Nrf2 signaling and cell survival.

Nrf2:INrf2 acts as a sensor for oxidative/electrophilic stress. INrf2 serves as an adaptor to link Nrf2 to the ubiquitin ligase Cul3-Rbx1 complex that ubiquitinate and degrade Nrf2. Under basal conditions, cytosolic INrf2/Cul3-Rbx1 is constantly degrading Nrf2. When a cell encounters stress Nrf2 dissociates from the INrf2 and translocates into the nucleus. Oxidative/electrophilic stress induced modification of INrf2Cysteine151 and/or protein kinase C (PKC)-mediated phosphorylation of Nrf2Serine40 controls Nrf2 release from INrf2 followed by stabilization and nuclear translocation of Nrf2. Nrf2 binds to the antioxidant response element (ARE) and activates a myriad of genes that protect cells against oxidative/electrophilic stress and neoplasia. A delayed response of oxidative/electrophilic stress activates GSK-3beta that phosphorylates Fyn at unknown threonine residue(s). Phosphorylated Fyn translocates to the nucleus and phosphorylates Nrf2Tyrosine568 that leads to nuclear export and degradation of Nrf2. Prothymosin-alpha mediated nuclear translocation of INrf2 also degrades nuclear Nrf2. The degradation of Nrf2 both in cytosol and nuclear compartments rapidly brings down its levels to normal resulting in suppression of Nrf2 downstream gene expression. An auto-regulatory loop between Nrf2 and INrf2 controls their cellular abundance. Nrf2 regulates INrf2 by controlling its transcription, and INrf2 controls Nrf2 by degrading it. In conclusion, switching on and off of Nrf2 combined with promoting an auto-regulatory loop between them regulates activation/deactivation of defensive genes leading to protection of cells against adverse effects of oxidative and electrophilic stress and promote cell survival.

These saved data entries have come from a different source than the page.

(* Let $n\in\{5,6,7,8,9,11\}$ and let $G_n$ be the regular network graph with cells $\{1,\dots,n\}$ (indices modulo $n$) in which each cell $i$ receives edges from its nearest and next nearest neighbours, i.e. the edges are $(i\pm1,i)$ and $(i\pm 2,i)$ for all $i$, all of a single edge type. Then $G_n$ has no exotic pattern of synchrony: for every balanced equivalence relation $\bowtie$ on the cells of $G_n$ there exists a subgroup $\Sigma$ of $\mathrm{Aut}(G_n)$ with $\bowtie\;=\;\bowtie_\Sigma$.
   Context: For a network graph with cells $\mathcal{C}$, edges $\mathcal{E}\subset\mathcal{C}\times\mathcal{C}$, and a single edge type (and single cell type), the input set of a cell $c$ is $I(c)=\{(d,c)\in\mathcal{E}\}$ and $\mathcal{T}(e)$ denotes the tail $d$ of an edge $e=(d,c)$. An equivalence relation $\bowtie$ on $\mathcal{C}$ is balanced if whenever $c\bowtie d$ there exists a bijection $\beta:I(c)\to I(d)$ with $\mathcal{T}(e)\bowtie\mathcal{T}(\beta(e))$ for all $e\in I(c)$. An automorphism of the graph is a permutation $\gamma$ of $\mathcal{C}$ with $(c,d)\in\mathcal{E}$ iff $(\gamma(c),\gamma(d))\in\mathcal{E}$; these form the group $\mathrm{Aut}$. For a subgroup $\Sigma$ of $\mathrm{Aut}$, $\bowtie_\Sigma$ is the orbit relation: $c\bowtie_\Sigma d$ iff $\gamma(c)=d$ for some $\gamma\in\Sigma$. A balanced equivalence relation is exotic if it is not of the form $\bowtie_\Sigma$ for any subgroup $\Sigma$ of $\mathrm{Aut}$. *)

From mathcomp Require Import all_boot all_fingroup.
Set Implicit Arguments. Unset Strict Implicit. Unset Printing Implicit Defensive.

Section NetworkDefs.
Variable T : finType.
(* E d c  means there is an edge (d, c) from tail d to head c (single edge type). *)
Variable E : rel T.

Definition inputs (c : T) : {set T * T} := [set e | E e.1 e.2 && (e.2 == c)].

Definition tail (e : T * T) : T := e.1.

Definition is_equivalence (R : rel T) : Prop :=
  [/\ forall x, R x x, forall x y, R x y -> R y x &
      forall x y z, R x y -> R y z -> R x z].

Definition balanced (R : rel T) : Prop :=
  is_equivalence R /\
  forall c d, R c d ->
    exists beta : T * T -> T * T,
      [/\ {in inputs c &, injective beta},
          beta @: inputs c = inputs d &
          forall e, e \in inputs c -> R (tail e) (tail (beta e))].

Definition Aut_net : {set {perm T}} :=
  [set g : {perm T} | [forall c, forall d, E c d == E (g c) (g d)]].

Definition orbit_rel (Sigma : {set {perm T}}) (c d : T) : Prop :=
  exists2 g, g \in Sigma & g c = d.

End NetworkDefs.

(* The ring network G_n with nearest and next-nearest neighbour coupling;
   cells are 0..n-1 (indices modulo n); edges (i+-1, i) and (i+-2, i). *)
Definition ring_nn (n : nat) : rel 'I_n :=
  fun d c => [|| (c + 1) %% n == d, (d + 1) %% n == c,
                 (c + 2) %% n == d | (d + 2) %% n == c].
Arguments ring_nn n : clear implicits.

From mathcomp Require Import all_boot all_fingroup.
Set Implicit Arguments. Unset Strict Implicit. Unset Printing Implicit Defensive.

(* A balanced equivalence relation on n cells is a partition, which can be
   encoded canonically by labelling every cell with the least cell of its class.
   Balance forces the multiset of labels of the inputs of a cell to depend only
   on its class, since the bijection beta matches inputs with equivalent tails.
   For each n in the list, a computation runs through all canonical labellings
   (at most Bell(11) = 678570 of them) and checks that, for each one with this
   multiset property, label-preserving automorphisms map the least cell of each
   class to every cell of that class.  The group of all automorphisms preserving
   the partition then has exactly the classes as its orbits. *)

Section PartitionStabiliser.
Variables (T : finType) (E R : rel T).
Hypothesis R_equiv : is_equivalence R.

Definition partition_stab : {set {perm T}} :=
  [set g in Aut_net E | [forall x, R x (g x)]].

Lemma partition_stab_sub : partition_stab \subset Aut_net E.
Proof. by apply/subsetP => g; rewrite inE => /andP[]. Qed.

Lemma group_set_partition_stab : group_set partition_stab.
Proof.
have [Rrefl _ Rtrans] := R_equiv.
apply/group_setP; split.
  rewrite !inE; apply/andP; split; apply/forallP => x; last by rewrite perm1 Rrefl.
  by apply/forallP => y; rewrite !perm1.
move=> g h; rewrite !inE => /andP[/forallP gE /forallP gR] /andP[/forallP hE /forallP hR].
apply/andP; split; apply/forallP => x; last by rewrite permM (Rtrans _ _ _ (gR x) (hR _)).
apply/forallP => y; rewrite !permM.
by rewrite (eqP (forallP (gE x) y)) (eqP (forallP (hE (g x)) (g y))).
Qed.

Canonical partition_stab_group := Group group_set_partition_stab.

Variable rep : T -> T.
Hypothesis rep_eq : forall c d, R c d -> rep c = rep d.
Hypothesis partition_stab_rep : forall c, exists2 g, g \in partition_stab & g (rep c) = c.

Lemma orbit_rel_partition_stab c d : R c d <-> orbit_rel partition_stab c d.
Proof.
split=> [Rcd | [g]]; last by rewrite inE => /andP[_ /forallP gR] <-.
have [g Gg gc] := partition_stab_rep c; have [h Gh hd] := partition_stab_rep d.
exists (g^-1 * h)%g; first by rewrite groupM ?groupV.
by rewrite permM -gc permK (rep_eq Rcd).
Qed.

End PartitionStabiliser.

Section BalancedCounting.
Variables (T : finType) (E R : rel T).
Hypothesis R_balanced : balanced E R.

Lemma card_inputs_tail c (Q : pred T) :
  #|[set e in inputs E c | Q (tail e)]| = #|[set x | E x c && Q x]|.
Proof.
have pair_inj : injective (fun x : T => (x, c)) by move=> x y [].
suff -> : [set e in inputs E c | Q (tail e)] = (fun x => (x, c)) @: [set x | E x c && Q x].
  exact: card_imset.
apply/setP => -[x y]; rewrite !inE /=.
apply/andP/imsetP => [[/andP[Exy /eqP yc] Qx] | [z]].
  by subst y; exists x; rewrite ?inE ?Exy ?Qx.
by rewrite inE => /andP[Ezc Qz] [-> ->]; rewrite Ezc Qz eqxx.
Qed.

Lemma balanced_card_le c d (Q : pred T) : R c d ->
  (forall x y, R x y -> Q x = Q y) ->
  #|[set x | E x c && Q x]| <= #|[set x | E x d && Q x]|.
Proof.
move=> Rcd RQ; have [beta [beta_inj beta_im beta_R]] := R_balanced.2 c d Rcd.
rewrite -!card_inputs_tail -(card_in_imset (f := beta)); last first.
  by move=> e1 e2 /setIdP[e1c _] /setIdP[e2c _]; apply: beta_inj.
apply/subset_leq_card/subsetP => _ /imsetP[e /setIdP[ec Qe] ->].
by rewrite inE -beta_im imset_f //= -(RQ _ _ (beta_R e ec)).
Qed.

Lemma balanced_card_eq c d (Q : pred T) : R c d ->
  (forall x y, R x y -> Q x = Q y) ->
  #|[set x | E x c && Q x]| = #|[set x | E x d && Q x]|.
Proof.
have [[_ Rsym _] _] := R_balanced.
by move=> Rcd RQ; apply/eqP; rewrite eqn_leq !balanced_card_le // Rsym.
Qed.

End BalancedCounting.

(* In a canonical labelling the next cell is labelled either by its own index
   (it opens a new class) or by an earlier index that labels itself. *)
Definition label_choices (s : seq nat) : seq nat :=
  size s :: [seq i <- iota 0 (size s) | nth 0 s i == i].

Fixpoint all_labellings (k : nat) (P : pred (seq nat)) (s : seq nat) : bool :=
  if k is k'.+1 then all (fun v => all_labellings k' P (rcons s v)) (label_choices s)
  else P s.

Lemma all_labellingsP k P s t : all_labellings k P s -> size t = k ->
  (forall i, i < k -> nth 0 t i \in label_choices (s ++ take i t)) -> P (s ++ t).
Proof.
elim: k s t => [|k IHk] s t; first by move=> Ps /size0nil -> _; rewrite cats0.
move=> /allP Pext; case: t => [|v t] // [size_t] t_choices.
have v_choice : v \in label_choices s by have := t_choices 0 isT; rewrite take0 cats0.
rewrite -cat_rcons; apply: IHk (Pext v v_choice) size_t _ => i lt_ik.
by rewrite cat_rcons; apply: (t_choices i.+1).
Qed.

Section ClassMinimum.
Variables (n : nat) (R : rel 'I_n).
Hypothesis R_equiv : is_equivalence R.

Definition class_min (x : 'I_n) : nat := find (R x) (enum 'I_n).

Lemma has_class x : has (R x) (enum 'I_n).
Proof. by have [Rrefl _ _] := R_equiv; apply/hasP; exists x; rewrite ?mem_enum. Qed.

Lemma class_min_lt x : class_min x < n.
Proof. by rewrite -[n in _ < n]size_enum_ord -has_find has_class. Qed.

Definition class_rep x : 'I_n := Ordinal (class_min_lt x).

Lemma class_rep_R x : R x (class_rep x).
Proof. by rewrite -[class_rep x](nth_ord_enum x); apply: nth_find; apply: has_class. Qed.

Lemma class_minE x y : R x y = (class_min x == class_min y).
Proof.
have [_ Rsym Rtrans] := R_equiv.
apply/idP/eqP => [Rxy | eq_min].
  apply: eq_find => z; apply/idP/idP => [Rxz | Ryz]; last exact: Rtrans Rxy Ryz.
  exact: Rtrans (Rsym _ _ Rxy) Rxz.
have same_rep : class_rep x = class_rep y by apply: val_inj.
by apply: Rtrans (class_rep_R x) _; rewrite same_rep; apply/Rsym/class_rep_R.
Qed.

Lemma class_min_le x : class_min x <= x.
Proof.
have [Rrefl _ _] := R_equiv.
by rewrite leqNgt; apply/negP => /(before_find x); rewrite nth_ord_enum Rrefl.
Qed.

Lemma class_rep_eq x y : R x y -> class_rep x = class_rep y.
Proof. by rewrite class_minE // => /eqP eq_min; apply: val_inj. Qed.

Definition class_labels : seq nat := [seq class_min x | x <- enum 'I_n].

Lemma size_class_labels : size class_labels = n.
Proof. by rewrite size_map size_enum_ord. Qed.

Lemma nth_class_labels (x : 'I_n) : nth 0 class_labels x = class_min x.
Proof. by rewrite (nth_map x) ?size_enum_ord // nth_ord_enum. Qed.

Lemma class_labels_canonical i : i < n ->
  nth 0 class_labels i \in label_choices (take i class_labels).
Proof.
move=> lt_in; pose x := Ordinal lt_in; rewrite -[i]/(val x).
rewrite nth_class_labels /label_choices size_takel ?size_class_labels 1?ltnW // inE.
case: ltngtP (class_min_le x) => //= lt_min _.
rewrite mem_filter mem_iota lt_min nth_take // -[class_min x]/(val (class_rep x)).
by rewrite nth_class_labels eq_sym -class_minE // class_rep_R.
Qed.

End ClassMinimum.

(* Under [vm_compute] both arguments of [&&] and [||] are evaluated, so [all]
   and [has] never stop early; these variants do. *)
Fixpoint lazy_all {A} (a : pred A) (s : seq A) : bool :=
  if s is x :: s' then (if a x then lazy_all a s' else false) else true.

Fixpoint lazy_has {A} (a : pred A) (s : seq A) : bool :=
  if s is x :: s' then (if a x then true else lazy_has a s') else false.

Lemma lazy_allE A (a : pred A) s : lazy_all a s = all a s.
Proof. by elim: s => //= x s ->; case: (a x). Qed.

Lemma lazy_hasE A (a : pred A) s : lazy_has a s = has a s.
Proof. by elim: s => //= x s ->; case: (a x). Qed.

Lemma all_iota_ordP n (a : pred nat) : reflect (forall i : 'I_n, a i) (all a (iota 0 n)).
Proof.
rewrite -val_enum_ord all_map; apply: (iffP allP) => [a_all i | a_all i _].
  by apply: a_all; rewrite mem_enum.
exact: a_all.
Qed.

Definition ordinal_rel n (e : nat -> nat -> bool) : rel 'I_n := fun d c => e d c.
Arguments ordinal_rel : clear implicits.

Definition in_neighbours n (e : nat -> nat -> bool) : seq (seq nat) :=
  [seq [seq x <- iota 0 n | e x c] | c <- iota 0 n].

Definition in_labels (nbs : seq (seq nat)) (s : seq nat) (c : nat) : seq nat :=
  sort leq [seq nth 0 s x | x <- nth [::] nbs c].

Definition balanced_labellingb n nbs s :=
  lazy_all (fun c => in_labels nbs s c == in_labels nbs s (nth 0 s c)) (iota 0 n).

Definition autb n (e : nat -> nat -> bool) (p : seq nat) :=
  [&& size p == n, uniq p, all (gtn n) p &
      all (fun c => all (fun d => e c d == e (nth 0 p c) (nth 0 p d)) (iota 0 n)) (iota 0 n)].

Definition label_preservingb n (s p : seq nat) :=
  all (fun x => nth 0 s (nth 0 p x) == nth 0 s x) (iota 0 n).

Definition orbit_witnessb n (auts : seq (seq nat)) s :=
  lazy_all (fun c => lazy_has (fun p =>
    if nth 0 p (nth 0 s c) == c then label_preservingb n s p else false) auts) (iota 0 n).

Definition no_exotic_check n e (cands : seq (seq nat)) :=
  let nbs := in_neighbours n e in
  let auts := [seq p <- cands | autb n e p] in
  all_labellings n (fun s =>
    if balanced_labellingb n nbs s then orbit_witnessb n auts s else true) [::].

Section Decision.
Variables (n : nat) (e : nat -> nat -> bool).
Local Notation E := (ordinal_rel n e).

Lemma perm_of_autb p : autb n e p ->
  exists2 g : {perm 'I_n}, g \in Aut_net E & forall i, val (g i) = nth 0 p i.
Proof.
case/and4P => /eqP size_p uniq_p /allP p_lt /all_iota_ordP p_aut.
have lt_p (i : 'I_n) : nth 0 p i < n by apply: p_lt; rewrite mem_nth // size_p.
pose f i := Ordinal (lt_p i).
have f_inj : injective f.
  by move=> i j /(congr1 val) /eqP; rewrite /= nth_uniq ?size_p // => /eqP /val_inj.
exists (perm f_inj); last by move=> i; rewrite permE.
rewrite inE; apply/forallP => c; apply/forallP => d; rewrite !permE.
by have /all_iota_ordP := p_aut c; apply; rewrite mem_iota ltn_ord.
Qed.

Section ClassLabels.
Variable R : rel 'I_n.
Hypothesis R_equiv : is_equivalence R.

Lemma count_in_labels (c : 'I_n) (a : pred nat) :
  count a [seq nth 0 (class_labels R) x | x <- nth [::] (in_neighbours n e) c] =
  #|[set x | E x c && a (class_min R x)]|.
Proof.
rewrite (nth_map 0) ?size_iota // nth_iota // count_map count_filter.
rewrite cardsE cardE /enum_mem size_filter -enumT -val_enum_ord count_map.
by apply: eq_count => x; rewrite /= nth_class_labels andbC.
Qed.

Lemma class_labels_balanced : balanced E R ->
  balanced_labellingb n (in_neighbours n e) (class_labels R).
Proof.
move=> R_balanced.
rewrite /balanced_labellingb lazy_allE; apply/all_iota_ordP => c.
rewrite /in_labels nth_class_labels -[class_min R c]/(val (class_rep R_equiv c)).
apply/eqP/perm_sortP; [exact: leq_total | exact: leq_trans | exact: anti_leq |].
apply/seq.permP => a; rewrite !count_in_labels.
apply: balanced_card_eq R_balanced _ _ _ (class_rep_R R_equiv c) _.
by move=> x y; rewrite (class_minE R_equiv) => /eqP ->.
Qed.

Lemma orbit_witness_partition_stab auts : all (autb n e) auts ->
  orbit_witnessb n auts (class_labels R) ->
  forall c, exists2 g, g \in partition_stab E R & g (class_rep R_equiv c) = c.
Proof.
move=> /allP auts_aut; rewrite /orbit_witnessb lazy_allE => /all_iota_ordP witness c.
have := witness c; rewrite lazy_hasE => /hasP[p p_auts].
rewrite nth_class_labels; case: eqP => // p_rep /all_iota_ordP p_labels.
have [g g_aut g_p] := perm_of_autb (auts_aut p p_auts).
exists g; last by apply: val_inj; rewrite g_p.
rewrite inE g_aut; apply/forallP => x.
by rewrite (class_minE R_equiv) -!nth_class_labels g_p eq_sym; apply: p_labels.
Qed.

End ClassLabels.

Theorem no_exotic_of_check cands : no_exotic_check n e cands ->
  forall R : rel 'I_n, balanced E R ->
  exists Sigma : {group {perm 'I_n}},
    Sigma \subset Aut_net E /\ forall c d : 'I_n, R c d <-> orbit_rel Sigma c d.
Proof.
move=> check R R_balanced; have R_equiv := R_balanced.1.
have := all_labellingsP check (size_class_labels R) (class_labels_canonical R_equiv).
rewrite /= class_labels_balanced // => witness.
exists (partition_stab_group E R_equiv); split; first exact: partition_stab_sub.
apply: (orbit_rel_partition_stab R_equiv (class_rep_eq R_equiv)).
exact: orbit_witness_partition_stab (filter_all _ _) witness.
Qed.

End Decision.

Definition ring_nnb (n d c : nat) : bool :=
  [|| (c + 1) %% n == d, (d + 1) %% n == c, (c + 2) %% n == d | (d + 2) %% n == c].

Definition dihedral n : seq (seq nat) :=
  [seq [seq (a * i + b) %% n | i <- iota 0 n] | a <- [:: 1; n.-1], b <- iota 0 n].

(* G_5 is complete and G_6 is K_6 minus a perfect matching, so their
   automorphism groups exceed the dihedral one; for larger n the dihedral
   symmetries suffice. *)
Definition ring_candidates n : seq (seq nat) :=
  if n <= 6 then permutations (iota 0 n) else dihedral n.

Lemma ring_no_exotic_checks :
  all (fun n => no_exotic_check n (ring_nnb n) (ring_candidates n)) [:: 5; 6; 7; 8; 9; 11].
Proof. by vm_compute. Qed.

Theorem proposition3p3 (n : nat) (hn : n \in [:: 5; 6; 7; 8; 9; 11]) :
  forall R : rel 'I_n, balanced (ring_nn n) R ->
    exists Sigma : {group {perm 'I_n}},
      Sigma \subset Aut_net (ring_nn n) /\
      forall c d : 'I_n, R c d <-> orbit_rel Sigma c d.
Proof.
exact: no_exotic_of_check (allP ring_no_exotic_checks n hn).
Qed.
Theorem lemma3p3 (R : realType) :
  exists C : R,
  forall A : set (measurableTypeR R),
    measurable A -> A `<=` `[0%R, 1%R] ->
    let mu := (@lebesgue_measure R) in
    let a := fine (mu A) in
    (forall k : R * R, k != (0, 0) ->
       (\int[(mu \x mu)%E]_(p in A `*` A) (`|Gk k p.1 p.2|)%:E <=
        (C * a / knorm k * Num.min a (knorm k)^-1)%:E)%E) /\
    (\int[(mu \x mu)%E]_(p in A `*` A) (`|Gk (0, 0) p.1 p.2|)%:E <=
       (C * a ^+ 2 * a^-1)%:E * \int[mu]_(z in A) (Num.min z (1 - z))%:E)%E.
Proof.
exists 4 => A mA A01 mu a; split.
  by move=> k hk; apply: integral_normGk_setX_le.
apply: (le_trans (integral_normGk0_setX_le mA A01)).
apply: lee_wpmul2r; first exact: integral_min_dist_ge0.
have a0 : 0 <= a by apply: fine_ge0; apply: measure_ge0.
rewrite lee_fin; change (a <= 4 * a ^+ 2 / a).
have [->|an0] := eqVneq a 0; first by rewrite expr0n /= mulr0 mul0r.
by rewrite expr2 mulrA mulfK //; lra.
Qed.
Theorem lemma4p17 (K : unitRingType) (M N : nat) (G : groupType)
    (c d : grpring K G)
    (ci : 'I_M -> G) (r : 'I_M -> K) (dj : 'I_N -> G) (s : 'I_N -> K) :
  (* K is a division ring *)
  (forall x : K, x != 0 -> x \is a GRing.unit) ->
  (2 <= M)%N -> (2 <= N)%N ->
  rank c = M -> rank d = N ->
  (1%g \in finsupp c) -> (1%g \in finsupp d) ->
  gr_mul c d = gr_one K G ->
  (* c = r_0 c_0 + ... + r_{M-1} c_{M-1}, d = s_0 d_0 + ... + s_{N-1} d_{N-1} *)
  injective ci -> injective dj ->
  (forall i, r i != 0) -> (forall j, s j != 0) ->
  (forall g : G, c g = \sum_(i < M | ci i == g) r i) ->
  (forall g : G, d g = \sum_(j < N | dj j == g) s j) ->
  (forall i : 'I_M, nat_of_ord i = 0%N -> ci i = 1%g) ->
  (forall j : 'I_N, nat_of_ord j = 0%N -> dj j = 1%g) ->
  ((forall m : nat, (2 <= m < M)%N ->
      forall (G' : groupType) (x y : grpring K G'),
        rank x = m -> rank y = N -> gr_mul x y = gr_one K G' ->
        gr_mul y x = gr_one K G') ->
    row_connected (sigma_part ci dj) /\
    (forall P : {set {set 'I_M * 'I_N}},
       partition P [set: 'I_M * 'I_N] -> part_le P (sigma_part ci dj) ->
       realizable P r s -> row_connected P))
  /\
  ((forall n : nat, (2 <= n < N)%N ->
      forall (G' : groupType) (x y : grpring K G'),
        rank x = M -> rank y = n -> gr_mul x y = gr_one K G' ->
        gr_mul y x = gr_one K G') ->
    col_connected (sigma_part ci dj) /\
    (forall P : {set {set 'I_M * 'I_N}},
       partition P [set: 'I_M * 'I_N] -> part_le P (sigma_part ci dj) ->
       realizable P r s -> col_connected P)).
Proof.
move=> unitK M_gt1 N_gt1 _ _ _ _ cd ci_inj dj_inj r_neq0 s_neq0 cE dE ci0 dj0.
pose i0 : 'I_M := Ordinal (ltnW M_gt1); pose j0 : 'I_N := Ordinal (ltnW N_gt1).
have [i0_eq0 j0_eq0] : i0 = 0%N :> nat /\ j0 = 0%N :> nat by split.
have [ci0' dj0'] := (ci0 i0 i0_eq0, dj0 j0 j0_eq0).
rewrite (eq_lincombT cE) (eq_lincombT dE) in cd.
have sigma_real := realizable_sigma i0_eq0 j0_eq0 ci0' dj0' ci_inj dj_inj cd.
have sigma_le : part_le (sigma_part ci dj) (sigma_part ci dj) by apply: part_le_refl.
have row P := row_connected_of_realizable i0_eq0 j0_eq0 ci0' dj0' ci_inj dj_inj cd
  r_neq0 s_neq0 unitK (P := P) N_gt1.
have col P := col_connected_of_realizable i0_eq0 j0_eq0 ci0' dj0' ci_inj dj_inj cd
  r_neq0 s_neq0 unitK (P := P) M_gt1.
split=> inv_rank; split=> [|P]; [| exact: row P inv_rank | | exact: col P inv_rank].
  exact: row _ inv_rank (sigma_partition ci dj) sigma_le sigma_real.
exact: col _ inv_rank (sigma_partition ci dj) sigma_le sigma_real.
Qed.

Nrf2:INrf2 (Keap1) signaling in oxidative stress.

Nrf2:INrf2 (Keap1) are cellular sensors of chemical- and radiation-induced oxidative and electrophilic stress. Nrf2 is a nuclear transcription factor that controls the expression and coordinated induction of a battery of defensive genes encoding detoxifying enzymes and antioxidant proteins. This is a mechanism of critical importance for cellular protection and cell survival. Nrf2 is retained in the cytoplasm by an inhibitor, INrf2 which functions as an adapter for Cul3/Rbx1-mediated degradation of Nrf2. In response to oxidative/electrophilic stress, Nrf2 is switched on and then off by distinct early and delayed mechanisms. Oxidative/electrophilic modification of INrf2 cysteine 151 and/or protein kinase C phosphorylation of Nrf2 serine 40 results in the escape or release of Nrf2 from INrf2. Nrf2 is stabilized and translocates to the nucleus, forms heterodimers with unknown proteins, and binds the antioxidant response element, which leads to coordinated activation of gene expression. It takes less than 15 min from the time of exposure to switch on nuclear import of Nrf2. This is followed by activation of a delayed mechanism that controls the switching off of Nrf2 activation of gene expression. GSK3beta phosphorylates Fyn at an unknown threonine residue(s), leading to the nuclear localization of Fyn. Fyn phosphorylates Nrf2 tyrosine 568, resulting in the nuclear export of Nrf2, binding with INrf2, and degradation of Nrf2. The switching on and off of Nrf2 protects cells against free radical damage, prevents apoptosis, and promotes cell survival.